__Problem description__. Wherever a line in the records contains the word "apply", return that line.

⟨

Lemma diff_quotient_cont g w l : Cderive g w l -> Ccont (diff_quotient g w l) w.
Proof.
  intros Hl e He; destruct (Hl (e / 2)) as [d [Hd Hd']]; [lra|].
  exists d; split; auto; intros u Hu; unfold diff_quotient.
  destruct (excluded_middle_informative (w = w)) as [_|C]; [|congruence].
  destruct (excluded_middle_informative (u = w)) as [->|E]; [rewrite Cmod_sub_diag; auto|].
  assert (Huw := Cmod_sub_gt_0 _ _ E).
  replace ((g u - g w) / (u - w) - l)%C with ((g u - g w - l * (u - w)) / (u - w))%C
    by (field; apply Cminus_eq_contra, E).
  rewrite Cmod_div by (apply Cminus_eq_contra, E).
  apply Rle_lt_trans with (e / 2); [|lra].
  apply Rmult_le_reg_r with (Cmod (u - w)); auto.
  unfold Rdiv at 1; rewrite Rmult_assoc, Rinv_l, Rmult_1_r by lra; auto.
Qed.

Lemma diff_quotient_diff g w l z : z <> w -> Cdiff g z -> Cdiff (diff_quotient g w l) z.
Proof.
  intros Hzw [lz Hlz]; eexists.
  apply (Cderive_local (fun u => (g u - g w) * / (u - w))%C _ _ _ (Cmod (z - w)));
    [apply Cmod_sub_gt_0, Hzw| |].
  - intros u Hu; unfold diff_quotient.
    destruct (excluded_middle_informative (u = w)) as [->|E]; [|reflexivity].
    rewrite Cmod_sub_sym in Hu; lra.
  - apply Cderive_mult; [apply Cderive_minus_const, Hlz | apply Cderive_inv_sub, Hzw].
Qed.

⟩

__Answer box__.
    by (field; apply Cminus_eq_contra, E).
  rewrite Cmod_div by (apply Cminus_eq_contra, E).
  apply Rle_lt_trans with (e / 2); [|lra].
  apply Rmult_le_reg_r with (Cmod (u - w)); auto.
  apply (Cderive_local (fun u => (g u - g w) * / (u - w))%C _ _ _ (Cmod (z - w)));
    [apply Cmod_sub_gt_0, Hzw| |].
  - apply Cderive_mult; [apply Cderive_minus_const, Hlz | apply Cderive_inv_sub, Hzw].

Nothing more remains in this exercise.